また、そもそも70歳を超え、感情のコントロールが難しかったりやパソコンやスマホが使えない役員達とのコミニュケーションは、いやがおうにもアナログになる。なのでこちらも慎重に行うし、その分と下心(何かにつけて手を握ってきたり、欧米人でもないのに「ありがとう」と言いながら抱きしめたりしてくる)も加味して結果的に「心がこもった対応」だと受け止めてもらい易かったのだと思う。

そんなこんなで役員から比較的よく目をかけてもらった事でトントン拍子に事が進み過ぎる時もあり、当時は喜びよりむしろ逆に自分の中では「やっぱり自分はあざといんじゃないか?」という気持ちと「それも含めて仕事」という思いがせめぎ合ったり、被害妄想に取り憑かれた上司から「俺の事何か告げ口してるんじゃないだろうな」と釘をさされたり詰められたりしてギクシャクしたりもしていた。だから大体自分が誰かと接してその結果仕事の達成感を感じる時は、「色目を使う」「計算高い」などと周囲から揶揄されたり、同僚や上司から根拠のない変な噂を流されたりするのでなかなか純粋に喜んだり素直に自分にOKを出せなかったり、むしろ不安やそこから生じるトラブルに悩む事の方が断然多かった。

けれど今は同じ事をしても、単純にポジティブなフィードバックとして機能したりや人を勇気づけたり、リラックスさせたり、ゴキゲンにさせたり、支える言葉として機能する。不思議だなぁ、と思うし、ただただ嬉しい。

そして私自身もポジティブな言葉を発しても批判されたり、足を引っ張られないないし、セクハラもないから、安心してのびのび過ごせる分、気が楽。

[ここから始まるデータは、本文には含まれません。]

(* Let $n\ge 2$, $m\ge 0$, $1\le k\le n-1$. Let $(b,e)=(2k,n+k)$ or $(b,e)=(2k-1,n+k-1)$, and let $G$ be the group with presentation $$\langle \alpha,\beta\mid [(\alpha\beta^{n-k+1}\alpha\beta^{-n+k})^{e}(\alpha\beta)^{-b+1}\beta^{-n+k-1}]^{m+1}=\alpha\beta^{n-k+1}\alpha\beta^{-n+k}\rangle.$$ Let $Q$ be any quotient group of $G$ (in particular, the fundamental group of any Dehn surgery on the corresponding knot), with $\alpha,\beta$ also denoting their images in $Q$. For any homomorphism $\Phi:Q\to\mathrm{Homeo}^+(\mathbb{R})$, if $\Phi(\alpha)(t)>t$ for all $t\in\mathbb{R}$, then $\Phi(\beta)(t)\ge t$ for all $t\in\mathbb{R}$.
   Context: $\mathrm{Homeo}^+(\mathbb{R})$ is the group of order-preserving homeomorphisms of $\mathbb{R}$. For $(b,e)=(2k,n+k)$, $G$ is the knot group of the closure of $(\sigma_1\cdots\sigma_{2k})(\sigma_1\cdots\sigma_{2n})^{2n-1+m(2n+1)}$ on $2n+1$ strands; for $(b,e)=(2k-1,n+k-1)$, $G$ is the knot group of the closure of $(\sigma_1\cdots\sigma_{2k-1})(\sigma_1\cdots\sigma_{2n-1})^{2n-2+2mn}$ on $2n$ strands. *)

From Stdlib Require Import Reals ZArith.
Open Scope R_scope.

Record Group := {
  carrier :> Type;
  gmul : carrier -> carrier -> carrier;
  gone : carrier;
  ginv : carrier -> carrier;
  gmul_assoc : forall x y z, gmul x (gmul y z) = gmul (gmul x y) z;
  gmul_1l : forall x, gmul gone x = x;
  gmul_1r : forall x, gmul x gone = x;
  gmul_Vl : forall x, gmul (ginv x) x = gone;
  gmul_Vr : forall x, gmul x (ginv x) = gone
}.

Arguments gmul {g}.
Arguments gone {g}.
Arguments ginv {g}.

Fixpoint gnpow {Q : Group} (x : Q) (n : nat) : Q :=
  match n with O => gone | S n' => gmul x (gnpow x n') end.

Definition gzpow {Q : Group} (x : Q) (z : Z) : Q :=
  match z with
  | Z0 => gone
  | Zpos p => gnpow x (Pos.to_nat p)
  | Zneg p => ginv (gnpow x (Pos.to_nat p))
  end.

Inductive in_gen {Q : Group} (a b : Q) : Q -> Prop :=
  | gen_a : in_gen a b a
  | gen_b : in_gen a b b
  | gen_one : in_gen a b gone
  | gen_mul : forall x y, in_gen a b x -> in_gen a b y -> in_gen a b (gmul x y)
  | gen_inv : forall x, in_gen a b x -> in_gen a b (ginv x).

Definition generated_by {Q : Group} (a b : Q) : Prop := forall x : Q, in_gen a b x.

Definition relU {Q : Group} (a b : Q) (n k : nat) : Q :=
  gmul a (gmul (gzpow b (Z.of_nat n - Z.of_nat k + 1))
    (gmul a (gzpow b (- Z.of_nat n + Z.of_nat k)))).

Definition relW {Q : Group} (a b : Q) (n k bb e : nat) : Q :=
  gmul (gzpow (relU a b n k) (Z.of_nat e))
    (gmul (gzpow (gmul a b) (- Z.of_nat bb + 1))
      (gzpow b (- Z.of_nat n + Z.of_nat k - 1))).

Definition satisfies_relation {Q : Group} (a b : Q) (n m k bb e : nat) : Prop :=
  gzpow (relW a b n k bb e) (Z.of_nat m + 1) = relU a b n k.

Definition homeo_plus (f : R -> R) : Prop :=
  (forall x y, x < y -> f x < f y) /\ continuity f /\ (forall y, exists x, f x = y).

Definition hom_to_homeo_plus {Q : Group} (Phi : Q -> R -> R) : Prop :=
  (forall q, homeo_plus (Phi q)) /\
  (forall x y t, Phi (gmul x y) t = Phi x (Phi y t)).

(* The pointwise order on Homeo+(R) is invariant under composition on both
   sides.  Let p = n - k, let U be the right-hand side of the relation and W
   the bracketed element, so W^(m+1) = U.  With Y = beta^(p+1) (alpha beta)^(b-1)
   we have W Y = U^e; as W commutes with U, hence with Y, raising to the power
   m+1 gives U Y^(m+1) = U^(e(m+1)).  Since alpha > id, U dominates both beta
   and alpha beta, so Y = beta R with R <= U^(e-1).  Bounding all factors of
   U Y^(m+1) except the single beta yields U^(e(m+1)) <= U beta U^(e(m+1)-1),
   and cancelling the outer factors leaves id <= beta. *)
From Stdlib Require Import Reals ZArith Lra Lia.
Open Scope R_scope.

Arguments gmul_assoc {g}.
Arguments gmul_1l {g}.
Arguments gmul_1r {g}.
Arguments gmul_Vl {g}.
Arguments gmul_Vr {g}.

Section GroupFacts.
Variable Q : Group.
Implicit Types g h x y u w : Q.

Lemma gmul_cancel_l g x y : gmul g x = gmul g y -> x = y.
Proof.
  intros E.
  rewrite <- (gmul_1l x), <- (gmul_1l y), <- (gmul_Vl g), <- !gmul_assoc, E.
  reflexivity.
Qed.

Lemma ginv_one : ginv (gone : Q) = gone.
Proof. rewrite <- (gmul_1l (ginv gone)). apply gmul_Vr. Qed.

Lemma gnpow_add x i j : gnpow x (i + j) = gmul (gnpow x i) (gnpow x j).
Proof.
  induction i as [|i IH]; simpl.
  - symmetry; apply gmul_1l.
  - rewrite IH; apply gmul_assoc.
Qed.

Lemma gnpow_mul x i j : gnpow x (i * j) = gnpow (gnpow x i) j.
Proof.
  induction j as [|j IH]; simpl.
  - rewrite Nat.mul_0_r; reflexivity.
  - rewrite <- IH, <- gnpow_add; f_equal; lia.
Qed.

Lemma gzpow_of_nat x j : gzpow x (Z.of_nat j) = gnpow x j.
Proof. destruct j as [|j]; simpl; [reflexivity|]. rewrite SuccNat2Pos.id_succ; reflexivity. Qed.

Lemma gzpow_opp_of_nat x j : gzpow x (- Z.of_nat j) = ginv (gnpow x j).
Proof.
  destruct j as [|j]; simpl; [symmetry; apply ginv_one|].
  rewrite SuccNat2Pos.id_succ; reflexivity.
Qed.

Definition gcommute x y : Prop := gmul x y = gmul y x.

Lemma gcommute_npow x y j : gcommute x y -> gcommute x (gnpow y j).
Proof.
  unfold gcommute; intros C; induction j as [|j IH]; simpl.
  - rewrite gmul_1l, gmul_1r; reflexivity.
  - rewrite gmul_assoc, C, <- gmul_assoc, IH, gmul_assoc; reflexivity.
Qed.

Lemma gnpow_mul_commute x y j :
  gcommute x y -> gnpow (gmul x y) j = gmul (gnpow x j) (gnpow y j).
Proof.
  intros C; induction j as [|j IH]; simpl.
  - symmetry; apply gmul_1l.
  - assert (Cj : gcommute y (gnpow x j)) by (apply gcommute_npow; symmetry; exact C).
    rewrite IH, <- !gmul_assoc, (gmul_assoc y), Cj, <- gmul_assoc; reflexivity.
Qed.

Lemma mul_npow_of_root u w y e m :
  gnpow w (S m) = u -> gmul w y = gnpow u e ->
  gmul u (gnpow y (S m)) = gnpow u (e * S m).
Proof.
  intros Hu Hy.
  assert (Cwu : gcommute w u)
    by (rewrite <- Hu; apply gcommute_npow; reflexivity).
  assert (Cwy : gcommute w y).
  { apply (gmul_cancel_l w); unfold gcommute.
    rewrite Hy, (gmul_assoc w y w), Hy.
    apply gcommute_npow; exact Cwu. }
  rewrite gnpow_mul, <- Hy, gnpow_mul_commute, Hu by exact Cwy.
  reflexivity.
Qed.

End GroupFacts.

Definition dominated {Q : Group} (Phi : Q -> R -> R) (x y : Q) : Prop :=
  forall t, Phi x t <= Phi y t.

Section PointwiseOrder.
Variables (Q : Group) (Phi : Q -> R -> R).
Hypothesis Phi_incr : forall x s t, s < t -> Phi x s < Phi x t.
Hypothesis Phi_mul : forall x y t, Phi (gmul x y) t = Phi x (Phi y t).
Implicit Types a b g h r u x y : Q.

Lemma Phi_le x s t : s <= t -> Phi x s <= Phi x t.
Proof. intros [lt|eq]; [left; apply Phi_incr; exact lt | right; subst; reflexivity]. Qed.

Lemma Phi_one t : Phi gone t = t.
Proof.
  assert (E : Phi gone (Phi gone t) = Phi gone t)
    by (rewrite <- Phi_mul, gmul_1l; reflexivity).
  destruct (Rtotal_order (Phi gone t) t) as [lt|[eq|gt]]; [|exact eq|];
    [apply (Phi_incr gone) in lt | apply (Phi_incr gone) in gt]; lra.
Qed.

Lemma Phi_invK g s : Phi (ginv g) (Phi g s) = s.
Proof. rewrite <- Phi_mul, gmul_Vl; apply Phi_one. Qed.

Lemma Phi_Kinv g s : Phi g (Phi (ginv g) s) = s.
Proof. rewrite <- Phi_mul, gmul_Vr; apply Phi_one. Qed.

Lemma dominated_one_l x : dominated Phi gone x <-> forall t, t <= Phi x t.
Proof.
  unfold dominated; split; intros H t; [rewrite <- (Phi_one t) at 1 | rewrite Phi_one]; apply H.
Qed.

Lemma dominated_refl x : dominated Phi x x.
Proof. intros t; right; reflexivity. Qed.

Lemma dominated_mul x x' y y' :
  dominated Phi x y -> dominated Phi x' y' -> dominated Phi (gmul x x') (gmul y y').
Proof.
  intros H H' t; rewrite !Phi_mul.
  eapply Rle_trans; [apply Phi_le, H' | apply H].
Qed.

Lemma dominated_npow x y j : dominated Phi x y -> dominated Phi (gnpow x j) (gnpow y j).
Proof.
  intros H; induction j as [|j IH]; simpl.
  - apply dominated_refl.
  - apply dominated_mul; assumption.
Qed.

Lemma dominated_mul2l g x y : dominated Phi (gmul g x) (gmul g y) -> dominated Phi x y.
Proof.
  intros H t; rewrite <- (Phi_invK g (Phi x t)), <- (Phi_invK g (Phi y t)).
  rewrite <- (Phi_mul g x), <- (Phi_mul g y).
  apply Phi_le, H.
Qed.

Lemma dominated_mul2r h x y : dominated Phi (gmul x h) (gmul y h) -> dominated Phi x y.
Proof.
  intros H t; rewrite <- (Phi_Kinv h t), <- (Phi_mul x h), <- (Phi_mul y h); apply H.
Qed.

Lemma relator_dominates a b p :
  dominated Phi gone a ->
  let u := gmul a (gmul (gnpow b (S p)) (gmul a (ginv (gnpow b p)))) in
  dominated Phi b u /\ dominated Phi (gmul a b) u.
Proof.
  intros Ha u.
  set (c := gmul (gnpow b p) (gmul a (ginv (gnpow b p)))).
  assert (Hc : dominated Phi gone c).
  { rewrite <- (gmul_Vr (gnpow b p)), <- (gmul_1l (ginv (gnpow b p))) at 1.
    apply dominated_mul; [apply dominated_refl|].
    apply dominated_mul; [exact Ha | apply dominated_refl]. }
  assert (Eu : u = gmul a (gmul b c)) by (unfold u, c; simpl; rewrite (gmul_assoc b); reflexivity).
  rewrite Eu; split.
  - rewrite <- (gmul_1r b) at 1; rewrite <- (gmul_1l (gmul b gone)).
    apply dominated_mul; [exact Ha|].
    apply dominated_mul; [apply dominated_refl | exact Hc].
  - rewrite <- (gmul_1r b) at 1.
    apply dominated_mul; [apply dominated_refl|].
    apply dominated_mul; [apply dominated_refl | exact Hc].
Qed.

Lemma dominated_one_of_npow_identity b r u c m :
  dominated Phi b u -> dominated Phi r (gnpow u c) ->
  gmul u (gnpow (gmul b r) (S m)) = gnpow u (S c * S m) ->
  dominated Phi gone b.
Proof.
  intros Hb Hr E.
  assert (Hym : dominated Phi (gnpow (gmul b r) m) (gnpow u (S c * m))).
  { rewrite gnpow_mul; apply dominated_npow, dominated_mul; assumption. }
  apply (dominated_mul2l u), (dominated_mul2r (gnpow u (c + S c * m))).
  replace (gmul (gmul u gone) (gnpow u (c + S c * m))) with (gnpow u (S c * S m))
    by (rewrite gmul_1r; replace (S c * S m)%nat with (S (c + S c * m)) by lia; reflexivity).
  rewrite <- E, gnpow_add, <- (gmul_assoc u b), (gmul_assoc b (gnpow u c)).
  change (gnpow (gmul b r) (S m)) with (gmul (gmul b r) (gnpow (gmul b r) m)).
  apply dominated_mul; [apply dominated_refl|].
  apply dominated_mul; [apply dominated_mul; [apply dominated_refl | exact Hr] | exact Hym].
Qed.

End PointwiseOrder.

Lemma relU_eq {Q : Group} (a b : Q) n k : (k <= n)%nat ->
  relU a b n k = gmul a (gmul (gnpow b (S (n - k))) (gmul a (ginv (gnpow b (n - k))))).
Proof.
  intros Hkn; unfold relU.
  replace (Z.of_nat n - Z.of_nat k + 1)%Z with (Z.of_nat (S (n - k))) by lia.
  replace (- Z.of_nat n + Z.of_nat k)%Z with (- Z.of_nat (n - k))%Z by lia.
  rewrite gzpow_of_nat, gzpow_opp_of_nat; reflexivity.
Qed.

Lemma relW_mul {Q : Group} (a b : Q) n k bb e : (k <= n)%nat -> (1 <= bb)%nat ->
  gmul (relW a b n k bb e) (gmul (gnpow b (S (n - k))) (gnpow (gmul a b) (bb - 1)))
  = gnpow (relU a b n k) e.
Proof.
  intros Hkn Hbb; unfold relW.
  replace (- Z.of_nat bb + 1)%Z with (- Z.of_nat (bb - 1))%Z by lia.
  replace (- Z.of_nat n + Z.of_nat k - 1)%Z with (- Z.of_nat (S (n - k)))%Z by lia.
  rewrite gzpow_of_nat, !gzpow_opp_of_nat, <- !gmul_assoc.
  rewrite (gmul_assoc (ginv (gnpow b (S (n - k))))), gmul_Vl, gmul_1l, gmul_Vl, gmul_1r.
  reflexivity.
Qed.

Theorem mainTheorem11 (n m k bb e : nat)
  (hn : (2 <= n)%nat) (hk1 : (1 <= k)%nat) (hk2 : (k <= n - 1)%nat)
  (hbe : (bb = 2 * k /\ e = n + k)%nat \/ (bb = 2 * k - 1 /\ e = n + k - 1)%nat)
  (Q : Group) (alpha beta : Q)
  (hgen : generated_by alpha beta)
  (hrel : satisfies_relation alpha beta n m k bb e)
  (Phi : Q -> R -> R) (hPhi : hom_to_homeo_plus Phi)
  (halpha : forall t : R, Phi alpha t > t) :
  forall t : R, Phi beta t >= t.
Proof.
  destruct hPhi as [Hhomeo Phi_mul].
  assert (Phi_incr : forall x s t, s < t -> Phi x s < Phi x t) by (intro x; apply Hhomeo).
  assert (Hkn : (k <= n)%nat) by lia.
  assert (He : e = S (n - k + (bb - 1))) by lia.
  pose proof (relU_eq alpha beta n k Hkn) as Eu.
  set (p := (n - k)%nat) in *; set (q := (bb - 1)%nat) in *.
  set (u := relU alpha beta n k) in *.
  assert (Hroot : gmul u (gnpow (gmul beta (gmul (gnpow beta p) (gnpow (gmul alpha beta) q))) (S m))
                  = gnpow u (S (p + q) * S m)).
  { rewrite gmul_assoc, <- He.
    apply mul_npow_of_root with (w := relW alpha beta n k bb e).
    - unfold satisfies_relation in hrel; rewrite <- gzpow_of_nat, Nat2Z.inj_succ; exact hrel.
    - apply relW_mul; lia. }
  assert (Ha : dominated Phi gone alpha)
    by (apply dominated_one_l; auto; intro t; left; apply Rgt_lt, halpha).
  destruct (relator_dominates Q Phi Phi_incr Phi_mul alpha beta p Ha) as [Hb Hab].
  rewrite <- Eu in Hb, Hab.
  assert (Hr : dominated Phi (gmul (gnpow beta p) (gnpow (gmul alpha beta) q)) (gnpow u (p + q)))
    by (rewrite gnpow_add; apply dominated_mul; try apply dominated_npow; assumption).
  intros t; apply Rle_ge; revert t.
  apply (dominated_one_l Q Phi Phi_incr Phi_mul).
  exact (dominated_one_of_npow_identity Q Phi Phi_incr Phi_mul _ _ _ _ _ Hb Hr Hroot).
Qed.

そんなわけで、昔と比べて今は自分に余裕があるからなのか、自閉症の利用者さんに塩対応される時も、これまで浴びてきた社内政治に基づく塩対応やイケズとは根源的に違うからなのか分からないけど、なぜかそれほど傷つかないし、気にならない。同じ塩対応なのに不思議だな、と自分でも思う。

こういう些細な違いが、「自分も他人も環境が違うとこうも違うんだ」と、なかなか新鮮で面白くもある。

試行錯誤で分からない事だらけ。でもそれもまた良し

世の中色んな人がいる。でもそれが逆に面白いなぁと思う。新しい仕事の面白さを今、じわじわ感じている。